To ensure service quality for all users, the following fair use guidelines apply:

• Cloud API Platform usage must stay within your plan's rate limits: Trial (30 requests/min, 500/day, 3 concurrent), Pro (60 requests/min, 2,000/day, 5 concurrent), Max (120 requests/min, 10,000/day, 10 concurrent). Enterprise limits are set per agreement.
• Daily spending caps apply per tier: Trial (200 credits), Pro (500 credits), Max (1,500 credits). These caps protect against runaway usage.
• Browser automation sessions are intended for interactive web tasks, not as a general-purpose proxy or tunnel
• Automated or scripted access to the Service must comply with documented API guidelines
• Bulk operations that degrade service for other users may be throttled or suspended

We support good-faith security research.
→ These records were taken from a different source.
(* Let $M$ be a rank-$3$ matroid on $[n]$ with no circuits of size $3$. Let $P_1,\dots,P_k$ be the distinct parallel classes of $M$ having more than one element, and let $N$ be the set of non-loop elements that are not parallel to any other element. Then $M$ is DJS if and only if $$\left\lfloor\tfrac{|P_1|}{2}\right\rfloor+\cdots+\left\lfloor\tfrac{|P_k|}{2}\right\rfloor-k<|N|-2.$$
   Context: A rank-$3$ matroid $M$ on $[n]$ is called DJS if, letting $E$ be the set of non-loop elements of $M$, every linear ordering $w_1w_2\cdots w_m$ of $E$ has three consecutive elements $\{w_j,w_{j+1},w_{j+2}\}$ forming a basis of $M$. *)

From HB Require Import structures.
From mathcomp Require Import all_boot all_order all_algebra.
Set Implicit Arguments. Unset Strict Implicit. Unset Printing Implicit Defensive.

Record matroid (n : nat) := Matroid {
  indep : {set 'I_n} -> bool;
  indep0 : indep set0;
  indep_sub : forall A B : {set 'I_n}, B \subset A -> indep A -> indep B;
  indep_exchange : forall A B : {set 'I_n}, indep A -> indep B ->
      #|A| < #|B| -> exists2 x, x \in B :\: A & indep (x |: A)
}.

Section MatroidDefs.
Variables (n : nat) (M : matroid n).

Definition mrank : nat := \max_(A : {set 'I_n} | indep M A) #|A|.

Definition is_basis (B : {set 'I_n}) : bool := maxset (indep M) B.

Definition is_circuit (C : {set 'I_n}) : bool := minset (fun X => ~~ indep M X) C.

Definition is_loop (x : 'I_n) : bool := ~~ indep M [set x].

Definition nonloops : {set 'I_n} := [set x | ~~ is_loop x].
If you discover a vulnerability in HexaClaw:

• Report it through our Vulnerability Disclosure Program
• Do not exploit vulnerabilities beyond what is necessary to demonstrate the issue
• Do not access, modify, or delete other users' data
• Allow reasonable time for remediation before public disclosure

Good-faith security research conducted in accordance with our Security & Vulnerability Disclosure page is exempt from the prohibitions in Section 3, provided it is reported responsibly.
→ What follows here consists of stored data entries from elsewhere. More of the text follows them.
(** Circulation functions: c e t is the value at the point of f-value t
    in the interior of edge e (values outside the interior are irrelevant).
    The graph has no boundary vertices, so (iii) is imposed at every vertex. *)
Definition is_circulation (M : MeasuredReebGraph) (c : rE M -> R -> R) : Prop :=
  (forall e t, ea e < t < eb e -> continuous (c e) t) /\
  exists Ls Lt : rE M -> R,
    (forall e, filterlim (c e) (at_right (ea e)) (locally (Ls e)) /\
               filterlim (c e) (at_left (eb e)) (locally (Lt e))) /\
    (forall e x y, ea e < x -> x < y -> y < eb e ->
       c e y - c e x = RInt (fun t => t * rho M e t) x y) /\
    (forall v : rV M,
       sum_edges (fun e => tgt e = v) Lt = sum_edges (fun e => src e = v) Ls).

Definition totally_negative (M : MeasuredReebGraph) (c : rE M -> R -> R) : Prop :=
  forall e : rE M,
    (trivalent (src e) -> exists l, l < 0 /\ filterlim (c e) (at_right (ea e)) (locally l)) /\
    (trivalent (tgt e) -> exists l, l < 0 /\ filterlim (c e) (at_left (eb e)) (locally l)).

Definition TN (M : MeasuredReebGraph) (c : rE M -> R -> R) : Prop :=
  is_circulation M c /\ totally_negative M c.

Definition comb {M : MeasuredReebGraph} (lam : R) (c c' : rE M -> R -> R) : rE M -> R -> R :=
  fun e t => lam * c e t + (1 - lam) * c' e t.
Violations of this AUP may result in enforcement actions at our discretion, following a graduated approach:

1. Warning: Written notice of the violation with a request to cease the prohibited activity. A reasonable timeframe for compliance will be provided.
2. Suspension: Temporary suspension of account access or specific features. You will be notified of the duration and conditions for reinstatement.
3. Termination: Permanent termination of your account and license. Applies to severe or repeated violations, or activities that pose immediate risk to other users or our infrastructure.

We reserve the right to skip steps in this process for severe violations that pose immediate risk, including but not limited to: distribution of malware, active exploitation of vulnerabilities, or credential harvesting.

Terminated accounts are not eligible for refunds except as required by applicable law.